__What the exercise asks__: Print out all of the data below, keeping it identical to the original.

★ ★ ★ ★

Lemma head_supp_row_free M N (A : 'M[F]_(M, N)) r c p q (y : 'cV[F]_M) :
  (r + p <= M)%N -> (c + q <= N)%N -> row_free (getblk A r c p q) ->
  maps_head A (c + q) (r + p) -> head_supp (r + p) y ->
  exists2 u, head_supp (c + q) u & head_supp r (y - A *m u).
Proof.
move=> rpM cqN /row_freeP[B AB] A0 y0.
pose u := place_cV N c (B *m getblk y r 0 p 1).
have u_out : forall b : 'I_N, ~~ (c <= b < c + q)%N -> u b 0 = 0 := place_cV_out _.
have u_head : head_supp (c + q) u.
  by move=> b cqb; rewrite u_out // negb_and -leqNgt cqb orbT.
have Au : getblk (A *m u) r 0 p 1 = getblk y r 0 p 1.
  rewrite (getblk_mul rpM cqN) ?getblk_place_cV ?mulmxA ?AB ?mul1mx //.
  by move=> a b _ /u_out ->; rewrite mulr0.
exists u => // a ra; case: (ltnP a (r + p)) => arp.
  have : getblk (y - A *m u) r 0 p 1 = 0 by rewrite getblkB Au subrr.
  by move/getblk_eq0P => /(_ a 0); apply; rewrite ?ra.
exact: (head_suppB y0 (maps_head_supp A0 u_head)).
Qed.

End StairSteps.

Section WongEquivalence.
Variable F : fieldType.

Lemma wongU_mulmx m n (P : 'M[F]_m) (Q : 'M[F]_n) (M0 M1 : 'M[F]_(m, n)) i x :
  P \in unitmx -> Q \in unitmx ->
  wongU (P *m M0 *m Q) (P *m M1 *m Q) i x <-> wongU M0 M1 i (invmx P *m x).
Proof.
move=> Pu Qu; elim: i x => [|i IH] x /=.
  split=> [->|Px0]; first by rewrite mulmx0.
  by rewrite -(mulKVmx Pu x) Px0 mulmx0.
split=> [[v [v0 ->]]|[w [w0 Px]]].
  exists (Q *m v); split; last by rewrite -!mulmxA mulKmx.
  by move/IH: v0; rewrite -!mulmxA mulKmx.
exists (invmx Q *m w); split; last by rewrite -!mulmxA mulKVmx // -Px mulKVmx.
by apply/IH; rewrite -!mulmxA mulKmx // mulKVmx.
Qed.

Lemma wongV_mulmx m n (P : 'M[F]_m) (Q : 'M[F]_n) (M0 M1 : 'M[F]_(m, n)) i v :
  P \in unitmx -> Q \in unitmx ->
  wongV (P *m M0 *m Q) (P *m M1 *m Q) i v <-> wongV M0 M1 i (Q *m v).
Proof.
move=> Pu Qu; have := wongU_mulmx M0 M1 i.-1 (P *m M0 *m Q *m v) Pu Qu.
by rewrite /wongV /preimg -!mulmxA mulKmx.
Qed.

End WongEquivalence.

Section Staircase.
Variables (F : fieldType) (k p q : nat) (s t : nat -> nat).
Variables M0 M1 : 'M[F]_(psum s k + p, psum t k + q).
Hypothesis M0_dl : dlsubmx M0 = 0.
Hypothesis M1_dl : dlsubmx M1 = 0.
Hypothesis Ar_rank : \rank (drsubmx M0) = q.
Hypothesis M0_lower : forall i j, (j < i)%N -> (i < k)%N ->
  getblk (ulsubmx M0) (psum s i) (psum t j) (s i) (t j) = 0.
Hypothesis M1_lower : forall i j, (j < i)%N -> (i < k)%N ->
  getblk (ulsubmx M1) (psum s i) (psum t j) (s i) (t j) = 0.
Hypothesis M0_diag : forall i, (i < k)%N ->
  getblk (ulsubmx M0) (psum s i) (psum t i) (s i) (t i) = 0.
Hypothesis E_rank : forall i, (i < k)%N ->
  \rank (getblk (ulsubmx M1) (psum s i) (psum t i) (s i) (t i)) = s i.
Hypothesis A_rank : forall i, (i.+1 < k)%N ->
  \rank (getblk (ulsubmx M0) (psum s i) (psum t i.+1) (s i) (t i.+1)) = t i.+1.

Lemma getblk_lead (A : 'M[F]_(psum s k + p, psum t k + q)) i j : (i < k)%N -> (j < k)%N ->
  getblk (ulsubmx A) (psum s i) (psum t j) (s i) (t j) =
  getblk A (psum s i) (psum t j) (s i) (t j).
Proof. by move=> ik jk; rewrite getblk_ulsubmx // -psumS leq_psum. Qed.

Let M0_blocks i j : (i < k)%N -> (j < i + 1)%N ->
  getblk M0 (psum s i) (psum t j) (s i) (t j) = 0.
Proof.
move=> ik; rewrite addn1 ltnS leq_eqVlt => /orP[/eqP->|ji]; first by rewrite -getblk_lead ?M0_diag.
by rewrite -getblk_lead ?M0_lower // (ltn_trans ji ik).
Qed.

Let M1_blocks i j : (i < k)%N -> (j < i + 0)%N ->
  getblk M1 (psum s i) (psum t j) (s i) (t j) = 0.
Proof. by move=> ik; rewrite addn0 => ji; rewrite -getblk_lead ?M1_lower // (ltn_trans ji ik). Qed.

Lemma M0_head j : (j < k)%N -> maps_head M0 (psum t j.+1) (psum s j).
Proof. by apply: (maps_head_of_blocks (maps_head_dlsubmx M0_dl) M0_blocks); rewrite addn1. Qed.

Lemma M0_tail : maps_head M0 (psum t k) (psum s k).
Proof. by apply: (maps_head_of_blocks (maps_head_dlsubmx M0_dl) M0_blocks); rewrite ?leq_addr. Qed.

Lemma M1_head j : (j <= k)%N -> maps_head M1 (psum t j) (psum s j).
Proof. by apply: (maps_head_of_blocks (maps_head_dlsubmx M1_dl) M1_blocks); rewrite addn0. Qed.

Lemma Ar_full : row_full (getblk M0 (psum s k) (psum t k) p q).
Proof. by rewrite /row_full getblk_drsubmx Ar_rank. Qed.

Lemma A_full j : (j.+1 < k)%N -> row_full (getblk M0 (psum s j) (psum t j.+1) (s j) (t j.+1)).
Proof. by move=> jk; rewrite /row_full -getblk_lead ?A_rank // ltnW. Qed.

★ ★ ★ ★

__Final answer__:
Lemma head_supp_row_free M N (A : 'M[F]_(M, N)) r c p q (y : 'cV[F]_M) :
  (r + p <= M)%N -> (c + q <= N)%N -> row_free (getblk A r c p q) ->
  maps_head A (c + q) (r + p) -> head_supp (r + p) y ->
  exists2 u, head_supp (c + q) u & head_supp r (y - A *m u).
Proof.
move=> rpM cqN /row_freeP[B AB] A0 y0.
pose u := place_cV N c (B *m getblk y r 0 p 1).
have u_out : forall b : 'I_N, ~~ (c <= b < c + q)%N -> u b 0 = 0 := place_cV_out _.
have u_head : head_supp (c + q) u.
  by move=> b cqb; rewrite u_out // negb_and -leqNgt cqb orbT.
have Au : getblk (A *m u) r 0 p 1 = getblk y r 0 p 1.
  rewrite (getblk_mul rpM cqN) ?getblk_place_cV ?mulmxA ?AB ?mul1mx //.
  by move=> a b _ /u_out ->; rewrite mulr0.
exists u => // a ra; case: (ltnP a (r + p)) => arp.
  have : getblk (y - A *m u) r 0 p 1 = 0 by rewrite getblkB Au subrr.
  by move/getblk_eq0P => /(_ a 0); apply; rewrite ?ra.
exact: (head_suppB y0 (maps_head_supp A0 u_head)).
Qed.

End StairSteps.

Section WongEquivalence.
Variable F : fieldType.

Lemma wongU_mulmx m n (P : 'M[F]_m) (Q : 'M[F]_n) (M0 M1 : 'M[F]_(m, n)) i x :
  P \in unitmx -> Q \in unitmx ->
  wongU (P *m M0 *m Q) (P *m M1 *m Q) i x <-> wongU M0 M1 i (invmx P *m x).
Proof.
move=> Pu Qu; elim: i x => [|i IH] x /=.
  split=> [->|Px0]; first by rewrite mulmx0.
  by rewrite -(mulKVmx Pu x) Px0 mulmx0.
split=> [[v [v0 ->]]|[w [w0 Px]]].
  exists (Q *m v); split; last by rewrite -!mulmxA mulKmx.
  by move/IH: v0; rewrite -!mulmxA mulKmx.
exists (invmx Q *m w); split; last by rewrite -!mulmxA mulKVmx // -Px mulKVmx.
by apply/IH; rewrite -!mulmxA mulKmx // mulKVmx.
Qed.

Lemma wongV_mulmx m n (P : 'M[F]_m) (Q : 'M[F]_n) (M0 M1 : 'M[F]_(m, n)) i v :
  P \in unitmx -> Q \in unitmx ->
  wongV (P *m M0 *m Q) (P *m M1 *m Q) i v <-> wongV M0 M1 i (Q *m v).
Proof.
move=> Pu Qu; have := wongU_mulmx M0 M1 i.-1 (P *m M0 *m Q *m v) Pu Qu.
by rewrite /wongV /preimg -!mulmxA mulKmx.
Qed.

End WongEquivalence.

Section Staircase.
Variables (F : fieldType) (k p q : nat) (s t : nat -> nat).
Variables M0 M1 : 'M[F]_(psum s k + p, psum t k + q).
Hypothesis M0_dl : dlsubmx M0 = 0.
Hypothesis M1_dl : dlsubmx M1 = 0.
Hypothesis Ar_rank : \rank (drsubmx M0) = q.
Hypothesis M0_lower : forall i j, (j < i)%N -> (i < k)%N ->
  getblk (ulsubmx M0) (psum s i) (psum t j) (s i) (t j) = 0.
Hypothesis M1_lower : forall i j, (j < i)%N -> (i < k)%N ->
  getblk (ulsubmx M1) (psum s i) (psum t j) (s i) (t j) = 0.
Hypothesis M0_diag : forall i, (i < k)%N ->
  getblk (ulsubmx M0) (psum s i) (psum t i) (s i) (t i) = 0.
Hypothesis E_rank : forall i, (i < k)%N ->
  \rank (getblk (ulsubmx M1) (psum s i) (psum t i) (s i) (t i)) = s i.
Hypothesis A_rank : forall i, (i.+1 < k)%N ->
  \rank (getblk (ulsubmx M0) (psum s i) (psum t i.+1) (s i) (t i.+1)) = t i.+1.

Lemma getblk_lead (A : 'M[F]_(psum s k + p, psum t k + q)) i j : (i < k)%N -> (j < k)%N ->
  getblk (ulsubmx A) (psum s i) (psum t j) (s i) (t j) =
  getblk A (psum s i) (psum t j) (s i) (t j).
Proof. by move=> ik jk; rewrite getblk_ulsubmx // -psumS leq_psum. Qed.

Let M0_blocks i j : (i < k)%N -> (j < i + 1)%N ->
  getblk M0 (psum s i) (psum t j) (s i) (t j) = 0.
Proof.
move=> ik; rewrite addn1 ltnS leq_eqVlt => /orP[/eqP->|ji]; first by rewrite -getblk_lead ?M0_diag.
by rewrite -getblk_lead ?M0_lower // (ltn_trans ji ik).
Qed.

Let M1_blocks i j : (i < k)%N -> (j < i + 0)%N ->
  getblk M1 (psum s i) (psum t j) (s i) (t j) = 0.
Proof. by move=> ik; rewrite addn0 => ji; rewrite -getblk_lead ?M1_lower // (ltn_trans ji ik). Qed.

Lemma M0_head j : (j < k)%N -> maps_head M0 (psum t j.+1) (psum s j).
Proof. by apply: (maps_head_of_blocks (maps_head_dlsubmx M0_dl) M0_blocks); rewrite addn1. Qed.

Lemma M0_tail : maps_head M0 (psum t k) (psum s k).
Proof. by apply: (maps_head_of_blocks (maps_head_dlsubmx M0_dl) M0_blocks); rewrite ?leq_addr. Qed.

Lemma M1_head j : (j <= k)%N -> maps_head M1 (psum t j) (psum s j).
Proof. by apply: (maps_head_of_blocks (maps_head_dlsubmx M1_dl) M1_blocks); rewrite addn0. Qed.

Lemma Ar_full : row_full (getblk M0 (psum s k) (psum t k) p q).
Proof. by rewrite /row_full getblk_drsubmx Ar_rank. Qed.

Lemma A_full j : (j.+1 < k)%N -> row_full (getblk M0 (psum s j) (psum t j.+1) (s j) (t j.+1)).
Proof. by move=> jk; rewrite /row_full -getblk_lead ?A_rank // ltnW. Qed.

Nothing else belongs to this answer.